INSTRUCTIONS FOR THE TASK
Check every line of the entries that follow, and copy the ones containing "dots".

Dataset items
⁂

(* Let $n\ge 2$ and let $f:\{0,1\}^n\to\{0,1\}$ be written in the form $f(x_1,\dots,x_n)=\bigoplus_{I\subseteq\{1,\dots,n\}} a_I\bigwedge_{i\in I}x_i$ with $a_I\in\{0,1\}$. Let $\mathcal J=\{I\subseteq\{1,\dots,n\}: a_I=1,\ |I|\ge 2\}$ and suppose $n_{\mathcal J}=1$. Then the number $N^{scratch}_{comm}$ of one-way communication channels needed to simulate the full-correlation box associated to $f$ from scratch is $$N^{scratch}_{comm}=\Big|\bigcup_{I\in\mathcal J} I\Big|-1.$$
   Context: The full-correlation box associated to a Boolean function $f$ of $n$ inputs is the $n$-partite box with binary inputs $\vec x=(x_1,\dots,x_n)$ and binary outputs $\vec a=(a_1,\dots,a_n)$ given by $P(\vec a\mid\vec x)=2^{-(n-1)}$ if $\bigoplus_i a_i=f(\vec x)$ and $0$ otherwise. $n_{\mathcal J}$ denotes the maximal number of blocks in a partition $\{J_1,\dots,J_{n_{\mathcal J}}\}$ of $\mathcal J$ such that $A\cap B=\emptyset$ whenever $A\in J_i$, $B\in J_j$, $i\ne j$ (so $n_{\mathcal J}=1$ means the sets in $\mathcal J$ are connected under the relation of having nonempty intersection). Simulating a box from scratch means that the $n$ parties, using only shared randomness, local operations, and a set of one-way classical communication channels (each an ordered pair of parties, usable arbitrarily often), produce outputs with exactly the box's conditional distribution; $N^{scratch}_{comm}$ is the number of such channels required. *)

From HB Require Import structures.
From mathcomp Require Import all_boot all_order all_algebra.
From mathcomp Require Import reals.
Set Implicit Arguments. Unset Strict Implicit. Unset Printing Implicit Defensive.
Import Order.TTheory GRing.Theory Num.Theory.
Local Open Scope ring_scope.

(* Parties are 'I_n; input/output strings are {ffun 'I_n -> bool}. *)
Notation bits n := {ffun 'I_n -> bool}.

Definition anf n (c : {set 'I_n} -> bool) (x : bits n) : bool :=
  \big[xorb/false]_(I : {set 'I_n} | c I) [forall i in I, x i].

Definition fc_box (R : realType) n (g : bits n -> bool) (a x : bits n) : R :=
  if (\big[xorb/false]_(i < n) a i) == g x then (2 ^+ n.-1)^-1 else 0.

Definition channel_set n (C : {set 'I_n * 'I_n}) : Prop :=
  forall p, p \in C -> p.1 != p.2.

Definition reaches n (C : {set 'I_n * 'I_n}) (j i : 'I_n) : bool :=
  connect (fun u v => (u, v) \in C) j i.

⁂

EXERCISE OUTPUT
(* Let $n\ge 2$ and let $f:\{0,1\}^n\to\{0,1\}$ be written in the form $f(x_1,\dots,x_n)=\bigoplus_{I\subseteq\{1,\dots,n\}} a_I\bigwedge_{i\in I}x_i$ with $a_I\in\{0,1\}$. Let $\mathcal J=\{I\subseteq\{1,\dots,n\}: a_I=1,\ |I|\ge 2\}$ and suppose $n_{\mathcal J}=1$. Then the number $N^{scratch}_{comm}$ of one-way communication channels needed to simulate the full-correlation box associated to $f$ from scratch is $$N^{scratch}_{comm}=\Big|\bigcup_{I\in\mathcal J} I\Big|-1.$$
   Context: The full-correlation box associated to a Boolean function $f$ of $n$ inputs is the $n$-partite box with binary inputs $\vec x=(x_1,\dots,x_n)$ and binary outputs $\vec a=(a_1,\dots,a_n)$ given by $P(\vec a\mid\vec x)=2^{-(n-1)}$ if $\bigoplus_i a_i=f(\vec x)$ and $0$ otherwise. $n_{\mathcal J}$ denotes the maximal number of blocks in a partition $\{J_1,\dots,J_{n_{\mathcal J}}\}$ of $\mathcal J$ such that $A\cap B=\emptyset$ whenever $A\in J_i$, $B\in J_j$, $i\ne j$ (so $n_{\mathcal J}=1$ means the sets in $\mathcal J$ are connected under the relation of having nonempty intersection). Simulating a box from scratch means that the $n$ parties, using only shared randomness, local operations, and a set of one-way classical communication channels (each an ordered pair of parties, usable arbitrarily often), produce outputs with exactly the box's conditional distribution; $N^{scratch}_{comm}$ is the number of such channels required. *)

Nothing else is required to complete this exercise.